In 1990, Alon, Seymour, and Thomas gave the first balanced separator of size $O(h^{3/2}\sqrt{n})$ for any $K_h$-minor-free graph, which has had numerous algorithmic applications. They conjectured that the size of the balanced separator can be reduced to $O(h\sqrt{n})$, which is asymptotically tight. Two decades later, Kawarabayashi and Reed constructed a separator of size $O(h\sqrt{n} + f(h))$ based on the graph minor structure theorem, where $f(h)$ is an extremely fast-growing function typically seen in the structure theorem. Recently, Spalding-Jamieson constructed a separator of size $O(h\log h \log\log h \sqrt{n})$; the technique is rooted in concurrent flow-sparsest cut duality. Spalding-Jamieson's separator comes very close to $O(h\log h \sqrt{n})$, which is the barrier for techniques based on the flow-cut duality. In this work, we first observe that plugging in the recent padded decomposition by Filtser and Conroy into the flow-based algorithm of Korhonen and Lokshtanov yields a balanced separator of size $O(h\log h \sqrt{n})$, matching the flow barrier. This result motivates the question of whether the flow barrier can be broken, which would be a stepping stone toward resolving the conjecture of Alon, Seymour, and Thomas. The main result of our work is a positive answer to this question: we construct a balanced separator of size $O(h \sqrt{\log h} \sqrt{n})$. Surprisingly, perhaps, our algorithm is still based on the iterative framework of Alon, Seymour, and Thomas, although a key component of their algorithm within this framework, called the neighborhood bound, was shown to be tight. Our new idea is to incorporate a low-diameter decomposition into the framework, which allows us to reduce the neighborhood bound by a factor of $h$, at the cost of a factor $\log h$. As a result, we improve the $\sqrt{h}$ factor to $\sqrt{\log h}$ in the final separator's size.

翻译：1990年，Alon、Seymour和Thomas首次给出了任意$K_h$极小图的大小为$O(h^{3/2}\sqrt{n})$的平衡分离器，该结果具有大量算法应用。
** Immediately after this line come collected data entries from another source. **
(* Let $K$ be a field of characteristic $0$. Let $m=(x_1\cdots x_n)^{\alpha}$ and let $f\in K[x_1,\ldots,x_n]$ be a homogeneous polynomial of degree $d=n\alpha$. The following two properties are equivalent: (i) $m(A.x)=c\cdot f(x)$ for some invertible matrix $A\in GL_n(K)$ and some constant $c\in K$; (ii) the Lie algebra $\mathfrak{g}_f$ has a basis made of $n-1$ diagonalizable matrices of trace zero which pairwise commute. Moreover, $f$ is a constant multiple of $m$ if and only if $\mathfrak{g}_f$ is the space of diagonal $n\times n$ matrices of trace zero.
   Context: For $P\in K[x_1,\ldots,x_n]$, the Lie algebra $\mathfrak{g}_P$ of $P$ is the Lie algebra (tangent space at the identity) of the group of invariants $\{A\in GL_n(K): P(A.x)=P(x)\}$; equivalently, $\mathfrak{g}_P$ is the linear subspace of matrices $A=(a_{ij})\in M_n(K)$ such that $\sum_{i,j\in[n]} a_{ij}\,x_j\,\frac{\partial P}{\partial x_i}=0$. $P(A.x)$ denotes the polynomial obtained from $P$ by the linear change of variables $x\mapsto Ax$. *)

From HB Require Import structures.
From mathcomp Require Import all_boot all_order all_algebra.
From mathcomp Require Import mpoly.
Set Implicit Arguments. Unset Strict Implicit. Unset Printing Implicit Defensive.
Import Order.TTheory GRing.Theory Num.Theory.
Local Open Scope ring_scope.

Section Defs.
Variables (K : fieldType) (n : nat).

Definition lin_forms (A : 'M[K]_n) : n.-tuple {mpoly K[n]} :=
  [tuple \sum_(j < n) A i j *: 'X_j | i < n].

Definition act (A : 'M[K]_n) (P : {mpoly K[n]}) : {mpoly K[n]} :=
  P \mPo lin_forms A.
(* For a simplicial set $S$, the conjunction of all Kan conditions $\mathrm{Kan}_p[n]$ for $1\le n\le 2$, $0\le p\le n$, is equivalent to the conjunction of all Beck–Chevalley conditions $\mathrm{BC}_{p,q}[n]$ for $n\le 2$ (that is, $\mathrm{BC}_{0,1}[2]$, $\mathrm{BC}_{0,2}[2]$, $\mathrm{BC}_{1,2}[2]$).
   Context: The Kan condition $\mathrm{Kan}_p[n]$ ($n>0$, $0\le p\le n$) on $S$: for any $(n-1)$-simplices $c_0,\dots,c_{p-1},c_{p+1},\dots,c_n$ of $S$ with $d_ic_j=d_{j-1}c_i$ for all $0\le i<j\le n$ with $p\notin\{i,j\}$, there exists an $n$-simplex $x$ with $d_ix=c_i$ for all $i\ne p$. The Beck–Chevalley condition $\mathrm{BC}_{p,q}[n]$ ($n>1$, $0\le p<q\le n$): for any $(n-1)$-simplices $c_p,c_q$ of $S$ with $d_pc_q=d_{q-1}c_p$ there exists an $n$-simplex $x$ with $d_px=c_p$ and $d_qx=c_q$. *)

From mathcomp Require Import all_boot.
Set Implicit Arguments. Unset Strict Implicit. Unset Printing Implicit Defensive.

(* Face/degeneracy with out-of-range index are arbitrary (unconstrained). *)
Record sSet := SSet {
  simp : nat -> Type;
  face : forall n, nat -> simp n.+1 -> simp n;
  degen : forall n, nat -> simp n -> simp n.+1;
  dd : forall n i j (x : simp n.+2), i < j -> j <= n.+2 ->
         face i (face j x) = face j.-1 (face i x);
  ss : forall n i j (x : simp n), i <= j -> j <= n ->
         degen i (degen j x) = degen j.+1 (degen i x);
  ds_lt : forall n i j (x : simp n.+1), i < j -> j <= n.+1 ->
         face i (degen j x) = degen j.-1 (face i x);
  ds_eq : forall n j (x : simp n), j <= n -> face j (degen j x) = x;
  ds_eq1 : forall n j (x : simp n), j <= n -> face j.+1 (degen j x) = x;
  ds_gt : forall n i j (x : simp n.+1), j.+1 < i -> i <= n.+2 ->
         face i (degen j x) = degen j (face i.-1 x)
}.

Definition horn_compat (S : sSet) (p m : nat) : (nat -> simp S m) -> Prop :=
  match m with
  | 0 => fun _ => True
  | k.+1 => fun c => forall i j, i < j -> j <= k.+2 -> i != p -> j != p ->
              face i (c j) = face j.-1 (c i)
  end.

(* Kan_p[n] for n > 0 (here n = m+1, simplices c_i of dimension m = n-1) *)
Definition Kan (S : sSet) (p n : nat) : Prop :=
  match n with
  | 0 => True
  | m.+1 => forall c : nat -> simp S m, horn_compat p c ->
      exists x : simp S m.+1, forall i, i <= m.+1 -> i != p -> face i x = c i
  end.

Definition BC (S : sSet) (p q n : nat) : Prop :=
  match n with
  | k.+2 => forall cp cq : simp S k.+1, face p cq = face q.-1 cp ->
      exists x : simp S k.+2, face p x = cp /\ face q x = cq
  | _ => True
  end.

From mathcomp Require Import all_boot zify.

Set Implicit Arguments.
Unset Strict Implicit.

(* A 1-horn is a single vertex, filled by its degenerate edge; a 2-horn missing
   the face [3 - i - j] consists of exactly the two faces [i < j] that
   Beck-Chevalley prescribes, and its compatibility condition is the single
   equation [d_i c_j = d_(j-1) c_i]. *)

Lemma Kan_dim1 (S : sSet) p : p <= 1 -> Kan S p 1.
Proof.
case: p => [|[|//]] _ c _.
- by exists (degen 0 (c 1)) => -[|[|i]] //= _ _; exact: (ds_eq1 (n:=0)).
- by exists (degen 0 (c 0)) => -[|[|i]] //= _ _; exact: (ds_eq (n:=0)).
Qed.

Section Horn2.

Variables (i j : nat).
Hypotheses (lt_ij : i < j) (le_j2 : j <= 2).

Let p := 3 - i - j.

Lemma horn2_faces k : k <= 2 -> k != p -> k = i \/ k = j.
Proof. by rewrite /p; lia. Qed.

Lemma horn2_edge k l :
  k < l -> l <= 2 -> k != p -> l != p -> k = i /\ l = j.
Proof. by rewrite /p; lia. Qed.

Lemma horn2_compatE (S : sSet) (c : nat -> simp S 1) :
  horn_compat p c <-> face i (c j) = face j.-1 (c i).
Proof.
split=> [compat | E k l lt_kl le_l2 kp lp].
- by apply: compat => //; rewrite /p; lia.
by have [-> ->] := horn2_edge lt_kl le_l2 kp lp.
Qed.

Lemma Kan2_BC (S : sSet) : Kan S p 2 <-> BC S i j 2.
Proof.
have ip : i != p by rewrite /p; lia.
have jp : j != p by rewrite /p; lia.
split=> [KanS cp cq E | BCS c /horn2_compatE E].
- pose c k := if k == i then cp else cq.
  have /KanS [x fx] : horn_compat p c.
    by apply/horn2_compatE; rewrite /c eqxx (gtn_eqF lt_ij).
  by exists x; rewrite !fx ?(leq_trans (ltnW lt_ij)) // /c eqxx (gtn_eqF lt_ij).
- have [x [fxi fxj]] := BCS _ _ E.
  by exists x => k le_k2 kp; have [-> | ->] := horn2_faces le_k2 kp.
Qed.

End Horn2.

Theorem mainTheorem4 (S : sSet) :
  (forall n p, 1 <= n -> n <= 2 -> p <= n -> Kan S p n) <->
  (forall p q, p < q -> q <= 2 -> BC S p q 2).
Proof.
split=> [KanS i j lt_ij le_j2 | BCS [|[|[|n]]] p // _ _ le_pn].
- by apply/(Kan2_BC lt_ij le_j2)/KanS => //; lia.
- exact: Kan_dim1.
- case: p le_pn => [|[|[|//]]] _.
  + exact/(Kan2_BC (i:=1) (j:=2))/BCS.
  + exact/(Kan2_BC (i:=0) (j:=2))/BCS.
  + exact/(Kan2_BC (i:=0) (j:=1))/BCS.
Qed.
(* Induction on the depth [m] of [c]'s interval below [I^h_b]: the sibling not containing [c]
   is at distance [>= 7/8 |I^h|] from [c], and its contribution is paid for by
   [3 / pmin <= 1 / eta]. *)
Lemma desc_sum_near_point_le c L (F : R -> R) :
  (forall x, 0 <= F x) -> (forall x, F x <= L) ->
  (forall x, 0 < Rabs (x - c) -> F x <= / Rabs (x - c)) ->
  forall m h b t d, (t < 2 ^ m)%nat -> (m <= d)%nat -> in_cantor N (h + m) (b * 2 ^ m + t) c ->
  sumR (2 ^ d) (fun t' => wt N (h + d) (b * 2 ^ d + t') * F (zc N (h + d) (b * 2 ^ d + t')))
  <= (L + / clen N (h + m) - / clen N h * (/ pmin N) ^ m) * wt N (h + m) (b * 2 ^ m + t).
Proof.
  intros HF0 HFL HFc. pose proof (pmin_pmax_bounds N HN). pose proof inv_pmin_le_third_inv_eta.
  induction m as [|m IH]; intros h b t d Ht Hd Hc.
  - simpl in Ht. replace t with 0%nat by lia. rewrite Nat.add_0_r, Nat.mul_1_r, Nat.add_0_r.
    replace (L + / clen N h - / clen N h * (/ pmin N) ^ 0) with L by (simpl; ring).
    apply wt_desc_average_le; auto.
  - destruct d as [|d]; [lia|].
    pose proof (wt_le_desc N HN (S m) h b t Ht) as Hup.
    destruct (in_cantor_near_far N HN m h b t c Ht Hc) as [cn [cf [t' [Ht' [E [Hcs Hfar]]]]]].
    rewrite E in Hc, Hup |- *. rewrite <- plus_n_Sm, <- Nat.add_succ_l in Hc, Hup |- *.
    rewrite <- plus_n_Sm, <- Nat.add_succ_l, (sumR_desc_S (fun i => wt N (S h + d) i * F (zc N (S h + d) i))).
    pose proof (IH (S h) cn t' d Ht' ltac:(lia) Hc) as Hnear.
    pose proof (desc_sum_far_le c F h cf d HFc Hfar) as Hfar_sum.
    assert (wt N (S h) cf <= wt N h b)
      by (destruct (wt_children N HN h b) as [Hsum _]; pose proof (wt_pos N HN (S h) (2 * b));
          pose proof (wt_pos N HN (S h) (2 * b + 1)); destruct Hcs as [[_ ->]|[_ ->]]; lra).
    pose proof (wt_pos N HN (S h + m) (cn * 2 ^ m + t')). set (w := wt N (S h + m) (cn * 2 ^ m + t')) in *.
    set (P := (/ pmin N) ^ m) in *. assert (0 < P) by (apply pow_lt, Rinv_0_lt_compat; lra).
    assert (0 < / clen N h) by (apply Rinv_0_lt_compat, clen_pos; auto).
    rewrite clen_S, Rinv_mult in Hnear. simpl pow in *. fold P in Hup |- *.
    assert (/ clen N h * P * w * (3 * / pmin N) <= / clen N h * P * w * / eta N)
      by (apply Rmult_le_compat_l; [apply Rmult_le_pos; [apply Rmult_le_pos|]|]; lra).
    assert (2 * / clen N h * wt N (S h) cf <= 2 * / clen N h * (/ pmin N * P * w))
      by (apply Rmult_le_compat_l; lra).
    destruct Hcs as [[-> ->]|[-> ->]]; lra.
Qed.
(* Let $n,m\ge1$. Let $A\in\mathbb{R}^{n\times nm}$ and $C\in\mathbb{R}^{m\times nm}$ be random matrices. Let $D\in\mathbb{R}^{nm\times nm}$ be a fixed diagonal matrix with all diagonal entries nonzero, and let $w\in\mathbb{R}^{nm}$ be a fixed nonzero vector. Set $B=(AD)\odot C\in\mathbb{R}^{nm\times nm}$. Then, with probability $1$, $B$ is invertible and, for every $i\in[nm]$, $\langle (B^{-1})_i,w\rangle\neq0$, where $(B^{-1})_i$ denotes the $i$-th row of $B^{-1}$.
   Context: ''Random'' matrices have independent, identically distributed entries drawn from a continuous distribution, independently of each other. For $A\in\mathbb{R}^{n\times N}$ and $C\in\mathbb{R}^{m\times N}$, the Khatri–Rao product $A\odot C\in\mathbb{R}^{nm\times N}$ is the matrix whose $k$-th column is the Kronecker product $A_k\otimes C_k$ of the $k$-th columns of $A$ and $C$. *)

From HB Require Import structures.
From mathcomp Require Import all_boot all_order all_algebra.
From mathcomp Require Import all_classical all_reals all_analysis.
Set Implicit Arguments. Unset Strict Implicit. Unset Printing Implicit Defensive.
Import Order.TTheory GRing.Theory Num.Theory.
Local Open Scope ring_scope.
Local Open Scope classical_set_scope.

(* Row index r of 'I_(n*m) corresponds to the pair (i,j) with r = i*m + j
   (lexicographic order, the Kronecker-product convention; same indexing as
   mathcomp's mxvec_index). *)
Definition kr_pair (n m : nat) (r : 'I_(n * m)) : 'I_n * 'I_m :=
  enum_val (cast_ord (esym (mxvec_cast n m)) r).

(* Khatri-Rao product: column k of (A ⊙ C) is A_k ⊗ C_k. *)
Definition khatri_rao (R : pzRingType) (n m N : nat)
    (A : 'M[R]_(n, N)) (C : 'M[R]_(m, N)) : 'M[R]_(n * m, N) :=
  \matrix_(r < n * m, k < N) (A (kr_pair r).1 k * C (kr_pair r).2 k).

Definition mutually_independent {d} (T : measurableType d) (R : realType)
    (P : probability T R) (I : finType) (X : I -> T -> R) : Prop :=
  forall B : I -> set R, (forall i, measurable (B i)) ->
    P (\bigcap_(i in [set: I]) (X i @^-1` B i)) =
    (\prod_(i : I) P (X i @^-1` B i))%E.

Definition same_law {d} (T : measurableType d) (R : realType)
    (P : probability T R) (X Y : T -> R) : Prop :=
  forall B : set R, measurable B -> P (X @^-1` B) = P (Y @^-1` B).

Definition continuous_law {d} (T : measurableType d) (R : realType)
    (P : probability T R) (X : T -> R) : Prop :=
  forall x : R, P (X @^-1` [set x]) = 0%E.

From HB Require Import structures.
From mathcomp Require Import all_boot all_order all_algebra perm polyrcf.
From mathcomp Require Import all_classical all_reals all_analysis.
Set Implicit Arguments. Unset Strict Implicit. Unset Printing Implicit Defensive.
Import Order.TTheory GRing.Theory Num.Theory.
Local Open Scope ring_scope.
Local Open Scope classical_set_scope.
Lemma hcsum_relabel (W : finType) (e : W -> V) (e' : V -> W) w :
  cancel e e' -> cancel e' e -> hcsum (fun i j => w (e i) (e j)) = hcsum w.
Proof.
move=> eK e'K; pose conj (g : {ffun W -> W}) := [ffun x => e (g (e' x))].
pose conj' (f : {ffun V -> V}) := [ffun i => e' (f (e i))].
rewrite [RHS](reindex conj); last first.
  by apply: onW_bij; exists conj' => g; apply/ffunP => x; rewrite !ffunE ?eK ?e'K.
apply: eq_big => [g|g _].
  apply/idP/idP => cg.
    by apply: (full_cycle_factor (h' := e') e'K _ cg) => i; right; rewrite ffunE eK.
  by apply: (full_cycle_factor (h' := e) eK _ cg) => x; right; rewrite ffunE eK.
rewrite (reindex e); last by apply: onW_bij; exists e'.
by apply: eq_bigr => i _; rewrite ffunE eK.
Qed.

End HcsumTheory.

Lemma hcsum_loop (R : comPzRingType) (c : R) : hcsum (fun _ _ : unit => c) = c.
Proof.
rewrite /hcsum (big_pred1 [ffun _ => tt]) => [|f].
  by rewrite (big_pred1 tt) ?ffunE //; case.
have -> : f = [ffun _ => tt] by apply/ffunP => -[]; rewrite ffunE; case: (f tt).
rewrite /= eqxx; apply/full_cycleP; split=> [|[] []]; [by rewrite card_unit | exact: connect0].
Qed.

Lemma HC_comp (R : comNzRingType) m k (t : (m * m).-tuple {mpoly R[k]}) :
  HC R m \mPo t = hcsum (fun i j : 'I_m => tnth t (mxvec_index i j)).
Proof.
rewrite /HC rmorph_sum -sum_ncycles_hcsum; apply: eq_bigr => s _.
by rewrite rmorph_prod; apply: eq_bigr => i _; rewrite /= comp_mpolyXU -tnth_nth.
Qed.

Section Glue.
Variables (V1 V2 : finType) (a : V1) (b : V2).

(* The successors of [a] and of [b] are exchanged, so that a cycle through [a]
   and a cycle through [b] splice into a single cycle. *)
Definition glue (T : Type) (z0 : T) (G1 : V1 -> V1 -> T) (G2 : V2 -> V2 -> T)
    (u v : V1 + V2) : T :=
  match u, v with
  | inl x, inl x' => if x == a then z0 else G1 x x'
  | inl x, inr y' => if x == a then G2 b y' else z0
  | inr y, inr y' => if y == b then z0 else G2 y y'
  | inr y, inl x' => if y == b then G1 a x' else z0
  end.

Definition glue_edge (u v : V1 + V2) : bool :=
  match u, v with
  | inl x, inl _ => x != a
  | inl x, inr _ => x == a
  | inr y, inr _ => y != b
  | inr y, inl _ => y == b
  end.

Definition glue_fun (f1 : V1 -> V1) (f2 : V2 -> V2) : {ffun V1 + V2 -> V1 + V2} :=
  [ffun u => match u with
             | inl x => if x == a then inr (f2 b) else inl (f1 x)
             | inr y => if y == b then inl (f1 a) else inr (f2 y)
             end].

Definition getl (u : V1 + V2) : V1 := if u is inl x then x else a.
Definition getr (u : V1 + V2) : V2 := if u is inr y then y else b.

Definition unglue_l (f : V1 + V2 -> V1 + V2) : {ffun V1 -> V1} :=
  [ffun x => getl (f (if x == a then inr b else inl x))].
Definition unglue_r (f : V1 + V2 -> V1 + V2) : {ffun V2 -> V2} :=
  [ffun y => getr (f (if y == b then inl a else inr y))].

Lemma glue_edge_fun f1 f2 u : glue_edge u (glue_fun f1 f2 u).
Proof. by case: u => [x|y]; rewrite ffunE /=; [case: (eqVneq x a) | case: (eqVneq y b)]. Qed.

Lemma unglue_lK (f1 : {ffun V1 -> V1}) f2 : unglue_l (glue_fun f1 f2) = f1.
Proof.
apply/ffunP => x; rewrite !ffunE.
by case: (eqVneq x a) => [->|] /=; rewrite ?eqxx // => /negbTE->.
Qed.

Lemma unglue_rK f1 (f2 : {ffun V2 -> V2}) : unglue_r (glue_fun f1 f2) = f2.
Proof.
apply/ffunP => y; rewrite !ffunE.
by case: (eqVneq y b) => [->|] /=; rewrite ?eqxx // => /negbTE->.
Qed.

Lemma unglueK (f : {ffun V1 + V2 -> V1 + V2}) :
  (forall u, glue_edge u (f u)) -> glue_fun (unglue_l f) (unglue_r f) = f.
Proof.
move=> fE; apply/ffunP => u; rewrite !ffunE; have := fE u.
case: u => [x|y] /=; [case: (eqVneq x a) => [->|xa] | case: (eqVneq y b) => [->|yb]];
  rewrite ?ffunE ?eqxx ?(negbTE xa) ?(negbTE yb); case: (f _) => //=.
Qed.

Section GlueCycles.
Variables (f1 : V1 -> V1) (f2 : V2 -> V2).
Local Notation J := (glue_fun f1 f2).

Lemma full_cycle_glue_fun_l : full_cycle J -> full_cycle f1.
Proof.
apply: (full_cycle_factor (h := getl) (h' := inl) (fun _ => erefl)).
move=> -[x|y]; rewrite ffunE /=.
  by case: eqP => [->|_]; [left|right].
by case: eqP => [_|_]; [right|left].
Qed.

Lemma full_cycle_glue_fun_r : full_cycle J -> full_cycle f2.
Proof.
apply: (full_cycle_factor (h := getr) (h' := inr) (fun _ => erefl)).
move=> -[x|y]; rewrite ffunE /=.
  by case: eqP => [_|_]; [right|left].
by case: eqP => [->|_]; [left|right].
Qed.

Lemma full_cycle_glue_fun : full_cycle f1 -> full_cycle f2 -> full_cycle J.
Proof.
move=> c1 c2.
have Jr y : y != b -> J (inr y) = inr (f2 y) by rewrite ffunE => /negbTE->.
have to_b y : fconnect J (inr y) (inr b).
  apply: contraT => yb; suff: ~~ fconnect J (inr b) (inr b) by rewrite connect0.
  apply: (@full_cycle_ind _ f2 (fun y => ~~ fconnect J (inr y) (inr b)) c2 _ y) => // z.
  apply: contra => zb; have [-> //|/Jr Jz] := eqVneq z b.
  by apply: connect_trans zb; rewrite -Jz fconnect1.
have from_a y : fconnect J (inl a) (inr y).
  have Ja : J (inl a) = inr (f2 b) by rewrite ffunE eqxx.
  apply: (@full_cycle_ind _ f2 (fun y => fconnect J (inl a) (inr y)) c2 _ (f2 b)).
    move=> z az; have [-> |/Jr Jz] := eqVneq z b; first by rewrite -Ja fconnect1.
    by apply: connect_trans az _; rewrite -Jz fconnect1.
  by rewrite -Ja fconnect1.
have Jb : J (inr b) = inl (f1 a) by rewrite ffunE eqxx.
apply: (full_cycle_lift (e := inl) _ _ c1) => [x|[x|y]].
- have [->|/negbTE xa] := eqVneq x a.
    by rewrite -Jb (connect_trans (from_a b)) ?fconnect1.
  have Jx : J (inl x) = inl (f1 x) by rewrite ffunE xa.
  by rewrite -Jx fconnect1.
- by split; exists x; apply: connect0.
- split; first by exists a.
  by exists (f1 a); rewrite -Jb (connect_trans (to_b y)) ?fconnect1.
Qed.

Lemma full_cycle_glue_funE : full_cycle J = full_cycle f1 && full_cycle f2.
Proof.
apply/idP/andP => [cJ|[]]; last exact: full_cycle_glue_fun.
by rewrite full_cycle_glue_fun_l // full_cycle_glue_fun_r.
Qed.

End GlueCycles.

Section GlueWeight.
Variables (R : comPzRingType) (G1 : V1 -> V1 -> R) (G2 : V2 -> V2 -> R).

Lemma glue_off_edge u v : ~~ glue_edge u v -> glue 0 G1 G2 u v = 0.
Proof. by case: u => x; case: v => y /=; case: eqP. Qed.

Lemma prod_glue_fun f1 f2 :
  \prod_u glue 0 G1 G2 u (glue_fun f1 f2 u) =
  (\prod_x G1 x (f1 x)) * \prod_y G2 y (f2 y).
Proof.
rewrite big_sumType /= (bigD1 a) // [in RHS](bigD1 a) // (bigD1 b) // [in RHS](bigD1 b) //=.
rewrite !ffunE !eqxx /=.
rewrite (eq_bigr (fun x => G1 x (f1 x))) => [|x /negbTE xa]; last by rewrite ffunE xa.
rewrite [X in _ * (_ * X) = _](eq_bigr (fun y => G2 y (f2 y))) => [|y /negbTE yb].
  by ring.
by rewrite ffunE yb.
Qed.

Lemma hcsum_glue : hcsum (glue 0 G1 G2) = hcsum G1 * hcsum G2.
Proof.
rewrite /hcsum (bigID (fun f : {ffun _} => [forall u, glue_edge u (f u)])) /=.
rewrite [X in _ + X]big1 ?addr0 => [|f /andP[_ /forallPn[u /glue_off_edge Gu]]]; last first.
  by rewrite (bigD1 u) //= Gu mul0r.
rewrite (reindex_onto (fun p : {ffun V1 -> V1} * {ffun V2 -> V2} => glue_fun p.1 p.2)
                      (fun f => (unglue_l f, unglue_r f))) => [|f /andP[_ /forallP]].
  rewrite big_distrlr pair_big /=; apply: eq_big => [[f1 f2]|[f1 f2] _] /=.
    have -> : [forall u, glue_edge u (glue_fun f1 f2 u)].
      by apply/forallP => u; apply: glue_edge_fun.
    by rewrite full_cycle_glue_funE unglue_lK unglue_rK eqxx !andbT.
  by rewrite prod_glue_fun.
exact: unglueK.
Qed.

End GlueWeight.

Lemma glue_map (T T' : Type) (phi : T -> T') z0 G1 G2 u v :
  phi (glue z0 G1 G2 u v) =
  glue (phi z0) (fun x x' => phi (G1 x x')) (fun y y' => phi (G2 y y')) u v.
Proof. by case: u => x; case: v => y /=; case: ifP. Qed.

End Glue.

Section Ladder.
Variables (S : finType) (nx : S -> S) (s0 : S).
Local Notation L := ((S + S) + S)%type.

(* Vertex [i] of [G] becomes the rung in_i = [inl (inl i)], mid_i = [inl (inr i)],
   out_i = [inr i]; [y] weighs the edge mid_s0 -> out_s0. *)
Definition ladder (T : Type) (z0 o1 y : T) (G : S -> S -> T) (u v : L) : T :=
  match u, v with
  | inl (inl i), inl (inr j) => if j == i then o1 else z0
  | inl (inl i), inr j => if j == nx i then o1 else z0
  | inl (inr i), inr j => if j == i then (if i == s0 then y else o1) else z0
  | inl (inr i), inl (inl j) => if j == i then o1 else z0
  | inr i, inl (inr j) => if j == i then o1 else z0
  | inr i, inl (inl j) => G i j
  | _, _ => z0
  end.

Definition ladder_edge (u v : L) : bool :=
  match u, v with
  | inl (inl i), inl (inr j) => j == i
  | inl (inl i), inr j => j == nx i
  | inl (inr i), inr j => j == i
  | inl (inr i), inl (inl j) => j == i
  | inr i, inl (inr j) => j == i
  | inr _, inl (inl _) => true
  | _, _ => false
  end.

Definition ladder_rev : {ffun L -> L} :=
  [ffun u => match u with
             | inl (inl i) => inr (nx i)
             | inl (inr i) => inl (inl i)
             | inr i => inl (inr i)
             end].

Definition ladder_fwd (sg : S -> S) : {ffun L -> L} :=
  [ffun u => match u with
             | inl (inl i) => inl (inr i)
             | inl (inr i) => inr i
             | inr i => inl (inl (sg i))
             end].

Definition rung (u : L) : S :=
  match u with inl (inl i) | inl (inr i) | inr i => i end.

Definition ladder_perm (f : L -> L) : {ffun S -> S} := [ffun i => rung (f (inr i))].

Lemma ladder_permK (sg : {ffun S -> S}) : ladder_perm (ladder_fwd sg) = sg.
Proof. by apply/ffunP => i; rewrite !ffunE. Qed.

Lemma ladder_edge_fwd sg u : ladder_edge u (ladder_fwd sg u).
Proof. by case: u => [[i|i]|i]; rewrite ffunE /=. Qed.

Lemma ladder_edge_rev u : ladder_edge u (ladder_rev u).
Proof. by case: u => [[i|i]|i]; rewrite ffunE /=. Qed.
(* The divergence problem for random walks with dynamic weights is undecidable: there is no algorithm that, given computable weight functions $W(n,n+1)$, $W(n,n-1)$ (for $n\geq1$) defining a random walk $\mathcal M$ on $\mathbb{N}$, an initial state $s_0\in\mathbb{N}$ and a finite target set $A\subseteq\mathbb{N}$, decides whether $\mathcal M$ is divergent with respect to $s_0$ and $A$.
   Context: A random walk with dynamic weights is given by computable functions $n\mapsto W(n,n+1)\in\mathbb{Q}_{>0}$ and $n\mapsto W(n,n-1)\in\mathbb{Q}_{>0}$ for $n\geq 1$; its Markov chain has state set $\mathbb{N}$, $p(0,1)=1$, and for $n>0$, $p(n,n+1)=\frac{W(n,n+1)}{W(n,n+1)+W(n,n-1)}$ and $p(n,n-1)=\frac{W(n,n-1)}{W(n,n+1)+W(n,n-1)}$. For a Markov chain $\mathcal M=(S,p)$, $Post^*_{\mathcal M}(X)$ is the set of states reachable from $X$ and $\mathbf{Pr}_{\mathcal M,s}(\mathbf{F}X)$ is the probability that the random path from $s$ ever (including time 0) is in $X$. $\mathcal M$ is divergent w.r.t. $s_0$ and $A$ if there exist computable $f_0,f_1:S\to\mathbb{R}_{\geq0}$ with: (a) for all $0<\theta<1$, $\mathbf{Pr}_{\mathcal M,s_0}(\mathbf{F}f_0^{-1}([0,\theta]))\leq\theta$; (b) for all $s$, $\mathbf{Pr}_{\mathcal M,s}(\mathbf{F}A)\leq f_1(s)$; (c) for all $0<\theta<1$, $\{s\mid f_0(s)\geq\theta\wedge f_1(s)\geq\theta\}\cap Post^*_{\mathcal M}(\{s_0\})$ is finite. *)

From Stdlib Require Import Reals Lra Lia Arith List Relations ClassicalEpsilon.
From Coquelicot Require Import Coquelicot.
Open Scope R_scope.

(* Unary functions on nat; tuples are coded with the Cantor pairing function. *)

Definition pairN (x y : nat) : nat := ((x + y) * (x + y + 1) / 2 + y)%nat.

Inductive prog : Type :=
| PZero : prog
| PSucc : prog
| PId   : prog
| PFst  : prog
| PSnd  : prog
| PComp : prog -> prog -> prog
| PPair : prog -> prog -> prog
| PRec  : prog -> prog -> prog
| PMu   : prog -> prog.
他们猜想平衡分离器的大小可降至$O(h\sqrt{n})$，该界渐近最优。二十年后，Kawarabayashi和Reed基于图极小结构定理构造了大小为$O(h\sqrt{n} + f(h))$的分离器，其中$f(h)$是结构定理中常见的极快增长函数。近期，Spalding-Jamieson构造了大小为$O(h\log h \log\log h \sqrt{n})$的分离器，其技术源于并发流-最稀疏割对偶性。Spalding-Jamieson的分离器已非常接近$O(h\log h \sqrt{n})$这一基于流-割对偶技术的壁垒。本文首先观察到，将Filtser和Conroy近期提出的填充分解嵌入Korhonen和Lokshtanov的流算法中，可得大小为$O(h\log h \sqrt{n})$的平衡分离器，恰好达到流动壁垒。该结果引发了一个问题：能否突破流动壁垒？这将是解决Alon、Seymour和Thomas猜想的关键一步。本文的主要成果是对该问题的肯定回答：我们构造了大小为$O(h \sqrt{\log h} \sqrt{n})$的平衡分离器。令人惊讶的是，我们的算法仍基于Alon、Seymour和Thomas的迭代框架，尽管该框架中的核心组件——邻域界——已被证明是紧的。我们的新思路是在框架中引入低直径分解，从而以因子$\log h$为代价将邻域界降低因子$h$。最终，我们将分离器大小中的$\sqrt{h}$因子改进为$\sqrt{\log h}$。